Mergers/Acquisitions

Failed battery firm gets a Recharge

BY Richard Summerfield

Recharge Industries, an Australian portfolio company of privately owned US firm Scale Facilitation, has been successful in its bid for ownership of Britishvolt, the battery manufacturer which collapsed into administration in January.

Under plans presented by Recharge Industries, the Britishvolt project will make the UK’s first gigafactory a reality, creating a strategic economic and security asset which will play a critical role in the UK’s industrial and net-zero strategies. The newly acquired Britishvolt will provide thousands of green, skilled and local jobs that will drive local and national benefits, according to a statement announcing the deal.

“We are thrilled to have been successful in our bid for ownership of Britishvolt; our plans are the right ones for the local community and the UK economy,” said David A. Collard, founder and chief executive of Scale Facilitation. “Our proposal combined our financial, commercial, technology and manufacturing capabilities, with a highly credible plan to put boots and equipment on the ground quickly. Our technology – including an exclusive license for the intellectual property and battery technology – has been developed and validated over the last decade through C4V in the US and will be the backbone of both gigafactories in Geelong and Cambois. Backed by our global supply chain, strategic delivery partners and a number of significant customer agreements in place, we’re confident of making the Cambois Gigafactory a success and growing it into an advanced green energy project.”

The original Britishvolt was intended to create a home-grown EV battery industry that can support domestic car production, but the company collapsed in January after failing to raise enough funding for the factory in northern England. The company was a much-heralded part of the UK government’s ‘levelling up’ agenda, however Britishvolt had only raised around £200m by summer 2022 and had pushed back its production timeline. The government had offered £100m to the former Britishvolt owners if they hit certain construction milestones, but they were not met.

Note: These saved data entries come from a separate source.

(* The graphs G(g + i h) = G((g, h)), G(g + h) and G(g) are images of one
   another under maps that are Lipschitz on them: (x, y, z) |-> (x, y) and
   (x, y, z) |-> (x, y + z) go down, (x, y) |-> (x, y, h x) and
   (x, y) |-> (x, y - h x, h x) go back up, the last two being Lipschitz because
   h is.  A Lipschitz image has no larger Hausdorff, upper box or packing
   dimension: H^s and P^s grow by at most a constant factor, and a
   (delta / L)-cover of the set maps to a delta-cover of the image, which
   changes log N_delta / (- log delta) only by o(1) as delta -> 0. *)

From Pilot Require Import Defs.
From HB Require Import structures.
From mathcomp Require Import all_boot all_order all_algebra.
From mathcomp Require Import all_classical all_reals all_analysis.
From mathcomp Require Import ring lra.
Set Implicit Arguments. Unset Strict Implicit. Unset Printing Implicit Defensive.
Import Order.TTheory GRing.Theory Num.Theory numFieldNormedType.Exports.
Local Open Scope classical_set_scope.
Local Open Scope ring_scope.
(* The analysis library has its own [edist]; re-importing [Defs] makes
   [edist] denote the Euclidean distance of [Defs] again. *)
Import Defs.

Lemma sqrtr_le (R : rcfType) (x c : R) : 0 <= c -> x <= c ^+ 2 -> Num.sqrt x <= c.
Proof. by move=> c0 xc; apply: le_trans (ler_wsqrtr xc) _; rewrite sqrtr_sqr ger0_norm. Qed.

Lemma sqrtr_le_mul (R : rcfType) (x y c : R) :
  1 <= c -> 0 <= y -> x <= c * y -> Num.sqrt x <= c * Num.sqrt y.
Proof.
move=> c1 y0 xy; have c0 := le_trans ler01 c1.
apply: sqrtr_le; first by rewrite mulr_ge0 ?sqrtr_ge0.
by rewrite exprMn sqr_sqrtr // (le_trans xy) // ler_wpM2r // expr2 ler_peMr.
Qed.

Lemma ln_nat_ge0 (R : realType) (k : nat) : 0 <= ln (k%:R : R).
Proof. by case: k => [|k]; [rewrite ln0 | rewrite ln_ge0 // ler1n]. Qed.

Lemma ler_ln_nat (R : realType) (j k : nat) : (j <= k)%N -> ln (j%:R : R) <= ln k%:R.
Proof.
case: j => [_|j jk]; first by rewrite ln0 ?ln_nat_ge0.
by rewrite ler_ln ?posrE ?ltr0n ?ler_nat // (leq_trans _ jk).
Qed.

Lemma div_oppr_ln_le (R : realType) (c eps d : R) :
  0 <= c -> 0 < eps -> 0 < d < expR (- (c / eps)) -> c / - ln d <= eps.
Proof.
move=> c0 eps0 /andP[d0 dc].
have ced : c / eps < - ln d.
  by rewrite ltrNr -(expRK (- (c / eps))) ltr_ln ?posrE ?expR_gt0.
have lnd0 : 0 < - ln d by apply: le_lt_trans _ ced; rewrite divr_ge0 // ltW.
by move: ced; rewrite ltr_pdivrMr // ler_pdivrMr //; lra.
Qed.

Lemma lb_pmul_ereal_inf (R : realType) (c : R) (x : \bar R) (S : set (\bar R)) :
  0 < c -> (forall y, S y -> (x <= c%:E * y)%E) -> (x <= c%:E * ereal_inf S)%E.
Proof.
move=> c0 xS; rewrite -lee_pdivrMl //; apply: le_ereal_inf_tmp => y Sy.
by rewrite lee_pdivrMl //; exact: xS.
Qed.

Lemma esumZl (R : realType) (J : set nat) (c : R) (f : nat -> \bar R) :
  0 <= c -> (forall i, (0 <= f i)%E) ->
  (\esum_(i in J) (c%:E * f i) = c%:E * \esum_(i in J) f i)%E.
Proof.
move=> c0 f0; have -> : J = [set i | `[< J i >]] by apply/funext => i /=; rewrite asboolE.
by rewrite -!nneseries_esum ?nneseriesZl // => i _; rewrite mule_ge0.
Qed.

Lemma ereal_inf_natP (R : realType) (P : set nat) :
  ereal_inf [set (k%:R : R)%:E | k in P] = +oo%E \/
  exists k : nat, ereal_inf [set (k%:R : R)%:E | k in P] = (k%:R)%:E.
Proof.
have [[k0 Pk0]|NP] := pselect (exists k, P k); last first.
  left; suff -> : P = set0 by rewrite image_set0 ereal_inf0.
  by apply/seteqP; split=> // k Pk; apply: NP; exists k.
right; have Pex : exists k, `[< P k >] by exists k0; exact/asboolP.
case: (ex_minnP Pex) => k /asboolP Pk kmin; exists k.
apply/eqP; rewrite eq_le; apply/andP; split; first by apply: ereal_inf_lbound; exists k.
by apply: le_ereal_inf_tmp => _ [j Pj <-]; rewrite lee_fin ler_nat kmin //; exact/asboolP.
Qed.

Section EuclideanDistance.
Variables (R : realType) (n : nat).
Implicit Types x y z : 'I_n -> R.

Lemma edist_ge0 x y : 0 <= edist x y. Proof. exact: sqrtr_ge0. Qed.

Lemma edistC x y : edist x y = edist y x.
Proof.
by rewrite /edist; congr Num.sqrt; apply: eq_bigr => i _; rewrite -sqrrN opprB.
Qed.

Lemma edistxx x : edist x x = 0.
Proof. by rewrite /edist big1 ?sqrtr0 // => i _; rewrite subrr expr0n. Qed.

Lemma sqr_edist x y : edist x y ^+ 2 = \sum_i (x i - y i) ^+ 2.
Proof. by rewrite sqr_sqrtr // sumr_ge0 // => i _; exact: sqr_ge0. Qed.

(* From (u + v)^2 <= 2 u^2 + 2 v^2 coordinatewise; the constant 2 is harmless
   for packings. *)
Lemma edist_le_quasi_triangle x y z : edist x y <= 2 * (edist x z + edist z y).
Proof.
have d1 := edist_ge0 x z; have d2 := edist_ge0 z y.
have coord i : (x i - y i) ^+ 2 <= 2 * (x i - z i) ^+ 2 + 2 * (z i - y i) ^+ 2.
  have -> : x i - y i = (x i - z i) + (z i - y i) by rewrite addrA subrK.
  by have := sqr_ge0 ((x i - z i) - (z i - y i)); nra.
apply: sqrtr_le; first by rewrite mulr_ge0 ?addr_ge0.
apply: le_trans (ler_sum _ (fun i _ => coord i)) _.
rewrite big_split /= -!mulr_sumr -!sqr_edist; nra.
Qed.

Lemma cballI_neq0 x y (rx ry : R) :
  0 < rx -> 0 < ry -> 2 * edist x y <= rx + ry -> cball x rx `&` cball y ry <> set0.
Proof.
move=> rx0 ry0 xy I0; have d0 := edist_ge0 x y.
have [rxy|ryx] := leP rx ry.
- have : (cball x rx `&` cball y ry) x.
    by split; rewrite /cball /=; [rewrite edistxx ltW | rewrite edistC; lra].
  by rewrite I0.
- have : (cball x rx `&` cball y ry) y.
    by split; rewrite /cball /=; [lra | rewrite edistxx ltW].
  by rewrite I0.
Qed.

End EuclideanDistance.

Definition lipschitz_on (R : realType) (n m : nat) (phi : ('I_n -> R) -> 'I_m -> R)
    (A : set ('I_n -> R)) (L : R) :=
  forall x y, A x -> A y -> edist (phi x) (phi y) <= L * edist x y.

Lemma lipschitz_on_max1 (R : realType) (n m : nat) (phi : ('I_n -> R) -> 'I_m -> R)
    (A : set ('I_n -> R)) (L : R) :
  lipschitz_on phi A L -> lipschitz_on phi A (Num.max L 1).
Proof.
move=> phiL x y Ax Ay; apply: le_trans (phiL x y Ax Ay) _.
by rewrite ler_wpM2r ?edist_ge0 // le_max lexx.
Qed.

Section Nonnegativity.
Variables (R : realType) (n : nat).
Implicit Types U : set ('I_n -> R).
Local Open Scope ereal_scope.

Lemma diam_ge0 U : 0 <= diam U.
Proof. by apply: ereal_sup_ubound; left. Qed.

Lemma edist_le_diam U x y : U x -> U y -> (edist x y)%:E <= diam U.
Proof. by move=> Ux Uy; apply: ereal_sup_ubound; right; exists x, y. Qed.

Lemma diam_le U (M : \bar R) : 0 <= M ->
  (forall x y, U x -> U y -> (edist x y)%:E <= M) -> diam U <= M.
Proof. by move=> M0 UM; apply: ge_ereal_sup => _ [->|[x [y [Ux [Uy ->]]]]] //; exact: UM. Qed.

Lemma hterm_ge0 s U : 0 <= hterm s U.
Proof. by rewrite /hterm; destruct pselect; last exact: poweR_ge0. Qed.

Lemma Hcontent_ge0 s d U : 0 <= Hcontent s d U.
Proof.
apply: le_ereal_inf_tmp => _ [V _ <-].
by apply: nneseries_ge0 => i _ _; exact: hterm_ge0.
Qed.

Lemma Hmeasure_ge0 s U : 0 <= Hmeasure s U.
Proof.
apply: le_trans (Hcontent_ge0 s 1 U) _.
by apply: ereal_sup_ubound; exists 1%R => //=; exact: ltr01.
Qed.

Lemma Pdelta_ge0 s d U : 0 <= Pdelta s d U.
Proof.
apply: ereal_sup_ubound; exists set0, (fun _ _ => 0%R), (fun _ => 0%R).
by split; [split|rewrite esum_set0].
Qed.

Lemma P0_ge0 s U : 0 <= P0 s U.
Proof. by apply: le_ereal_inf_tmp => _ [d _ <-]; exact: Pdelta_ge0. Qed.

Lemma Pmeasure_ge0 s U : 0 <= Pmeasure s U.
Proof.
apply: le_ereal_inf_tmp => _ [V _ <-].
by apply: nneseries_ge0 => i _ _; exact: P0_ge0.
Qed.

End Nonnegativity.

Section LipschitzImage.
Variables (R : realType) (n m : nat) (phi : ('I_n -> R) -> 'I_m -> R).
Variables (A : set ('I_n -> R)) (L : R).
Hypothesis L0 : 0 < L.
Hypothesis phiL : lipschitz_on phi A L.

Local Open Scope ereal_scope.

Lemma diam_lipschitz_image U : diam (phi @` (U `&` A)) <= L%:E * diam U.
Proof.
apply: diam_le; first by rewrite mule_ge0 ?lee_fin ?(ltW L0) ?diam_ge0.
move=> _ _ [x [Ux Ax] <-] [y [Uy Ay] <-].
apply: (@le_trans _ _ (L * edist x y)%:E); first by rewrite lee_fin phiL.
by rewrite EFinM lee_wpmul2l ?lee_fin ?(ltW L0) ?edist_le_diam.
Qed.

Lemma hterm_lipschitz_image s d U : (0 <= s)%R -> diam U <= d%:E ->
  hterm s (phi @` (U `&` A)) <= (L `^ s)%:E * hterm s U.
Proof.
move=> s0 dU; rewrite {1}/hterm; destruct pselect as [V0|VN0].
  by rewrite mule_ge0 ?lee_fin ?powR_ge0 ?hterm_ge0.
rewrite /hterm; destruct pselect as [U0|UN0].
  by case: VN0; rewrite U0 set0I image_set0.
have := diam_lipschitz_image U; have := diam_ge0 (phi @` (U `&` A)).
move: dU (diam_ge0 U); case: (diam U) => [du _ du0||] //; rewrite lee_fin in du0.
case: (diam _) => [dv dv0 dvL||] //=.
rewrite lee_fin in dv0; rewrite -EFinM lee_fin in dvL.
by rewrite -EFinM lee_fin -powRM ?(ltW L0) // ge0_ler_powR ?nnegrE ?mulr_ge0 ?(ltW L0).
Qed.

Lemma Hcontent_lipschitz_image s d : (0 <= s)%R ->
  Hcontent s d (phi @` A) <= (L `^ s)%:E * Hcontent s (d / L) A.
Proof.
move=> s0; apply: lb_pmul_ereal_inf; first exact: powR_gt0.
move=> _ [U [AU dU] <-].
apply: ge_ereal_inf; exists (\sum_(0 <= i <oo) hterm s (phi @` (U i `&` A))).
  exists (fun i => phi @` (U i `&` A)) => //; split.
    by move=> _ [x Ax <-]; have [i _ Uix] := AU x Ax; exists i => //; exists x.
  move=> i; apply: le_trans (diam_lipschitz_image (U i)) _.
  by rewrite -(divfK (lt0r_neq0 L0) d) mulrC EFinM lee_wpmul2l ?lee_fin ?(ltW L0).
rewrite -nneseriesZl; last by move=> i _; exact: hterm_ge0.
apply: lee_nneseries => [i _ _|i _]; first exact: hterm_ge0.
exact: (hterm_lipschitz_image _ (dU i)).
Qed.

Lemma Hmeasure_lipschitz_image s : (0 <= s)%R ->
  Hmeasure s (phi @` A) <= (L `^ s)%:E * Hmeasure s A.
Proof.
move=> s0; apply: ge_ereal_sup => _ [d d0 <-].
apply: le_trans (Hcontent_lipschitz_image d s0) _.
rewrite lee_wpmul2l ?lee_fin ?powR_ge0 //.
by apply: ereal_sup_ubound; exists (d / L)%R; rewrite //= divr_gt0.
Qed.

Lemma hausdorff_dim_lipschitz_image : hausdorff_dim (phi @` A) <= hausdorff_dim A.
Proof.
apply: ereal_inf_le_tmp => _ [s [s0 As0] <-]; exists s => //; split => //.
apply/eqP; rewrite eq_le Hmeasure_ge0 andbT.
by apply: le_trans (Hmeasure_lipschitz_image s0) _; rewrite As0 mule0.
Qed.

Let K := (4 * L)%R.
Let K0 : (0 < K)%R. Proof. by rewrite mulr_gt0. Qed.

(* With [K = 4 L], a common point of two shrunk balls puts the image centres
   within [(r i + r j) / 2] of each other, so the image balls would meet. *)
Lemma packing_lipschitz_preimage d B J c r (c' : nat -> 'I_n -> R) :
  is_packing (d * K) (phi @` (B `&` A)) J c r ->
  (forall i, J i -> [/\ B (c' i), A (c' i) & phi (c' i) = c i]) ->
  is_packing d B J c' (fun i => r i / K)%R.
Proof.
move=> [cJ disj] c'J; split=> [i Ji|i j Ji Jj ij].
  have [_ /andP[r0 rdK]] := cJ i Ji; have [Bi _ _] := c'J i Ji.
  by split=> //; rewrite divr_gt0 ?ler_pdivrMr.
apply/seteqP; split=> // z [zi zj]; move: (disj i j Ji Jj ij).
have [_ /andP[ri0 _]] := cJ i Ji; have [_ /andP[rj0 _]] := cJ j Jj.
have [_ Ai <-] := c'J i Ji; have [_ Aj <-] := c'J j Jj.
apply: cballI_neq0 => //.
rewrite /cball /= ler_pdivlMr // in zi; rewrite /cball /= edistC ler_pdivlMr // in zj.
have := ler_wpM2l (ltW L0) (edist_le_quasi_triangle (c' i) (c' j) z).
have := phiL Ai Aj; rewrite /K in zi zj; lra.
Qed.

Lemma Pdelta_lipschitz_image s d B : (0 <= s)%R ->
  Pdelta s (d * K) (phi @` (B `&` A)) <= (K `^ s)%:E * Pdelta s d B.
Proof.
move=> s0; apply: ge_ereal_sup => _ [J [c [r [pack ->]]]].
have [c' c'J] : {c' : nat -> 'I_n -> R &
    forall i, J i -> [/\ B (c' i), A (c' i) & phi (c' i) = c i]}.
  apply: (@choice _ _ (fun i x => J i -> [/\ B x, A x & phi x = c i])) => i.
  have [Ji|NJi] := pselect (J i); last by exists 0%R.
  by have [[x [Bx Ax] <-] _] := pack.1 i Ji; exists x.
apply: (@le_trans _ _ ((K `^ s)%:E * \esum_(i in J) ((2 * (r i / K)) `^ s)%:E)).
  rewrite -esumZl ?powR_ge0 // => [|i]; last by rewrite lee_fin powR_ge0.
  apply: le_esum => i Ji; have [_ /andP[r0 _]] := pack.1 i Ji.
  have rK0 : (0 <= 2 * (r i / K))%R by rewrite mulr_ge0 ?divr_ge0 ?(ltW r0) ?(ltW K0).
  rewrite -EFinM -powRM ?(ltW K0) //.
  by rewrite mulrCA [(K * _)%R]mulrC divfK ?lt0r_neq0.
rewrite lee_wpmul2l ?lee_fin ?powR_ge0 //; apply: ereal_sup_ubound.
by exists J, c', (fun i => r i / K)%R; split=> //; exact: (packing_lipschitz_preimage pack c'J).
Qed.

The company was planning to build its 30GWh factory in phases to take advantage of rising EV demand ahead of the UK’s 2030 ban of new petrol and diesel cars. The plant, located near Blyth in Northumberland, was expected to employ about 3000 people when operating at full capacity.

Going forward, the new owners will keep the Britishvolt brand name but will focus on batteries for energy storage and hope to have those products available by the end of 2025. Recharge also plans to build a battery factory in Geelong, a former car manufacturing hub in Australia, free from Chinese and Russian materials.

News: Australia's Recharge Industries buys failed battery firm Britishvolt

BP acquires TravelCenters of America in $1.3bn deal

BY Fraser Tennant

As part of its aim to significantly grow investment throughout this decade, petroleum company BP is to acquire the publicly traded full-service travel centre network TravelCenters of America Inc. in a transaction valued at $1.3bn.

Under the terms of the merger agreement, BP will acquire all of the outstanding shares of TravelCenters common stock for $86 per share in cash. The sale price represents an 84 percent premium to the average trading price of the 30 days ended 15 February 2023 of $46.68.

The acquisition of TravelCenters complements BP’s existing convenience and mobility business and will help expand its offers, including electric vehicle charging, biofuels, renewable natural gas (RNG) and hydrogen.

A condition of the sale is the approval by shareholders who own a majority of TravelCenters’ outstanding shares: Service Properties Trust, which owns 7.8 percent and The RMR Group, which owns 4.1 percent. Both have agreed to vote their shares in favour of the sale.

At the closing of the transaction, which has been unanimously approved its board of directors, TravelCenters will terminate its management agreement with RMR pursuant to the terms of the agreement and pay a termination fee to RMR that is currently estimated to be approximately $44m.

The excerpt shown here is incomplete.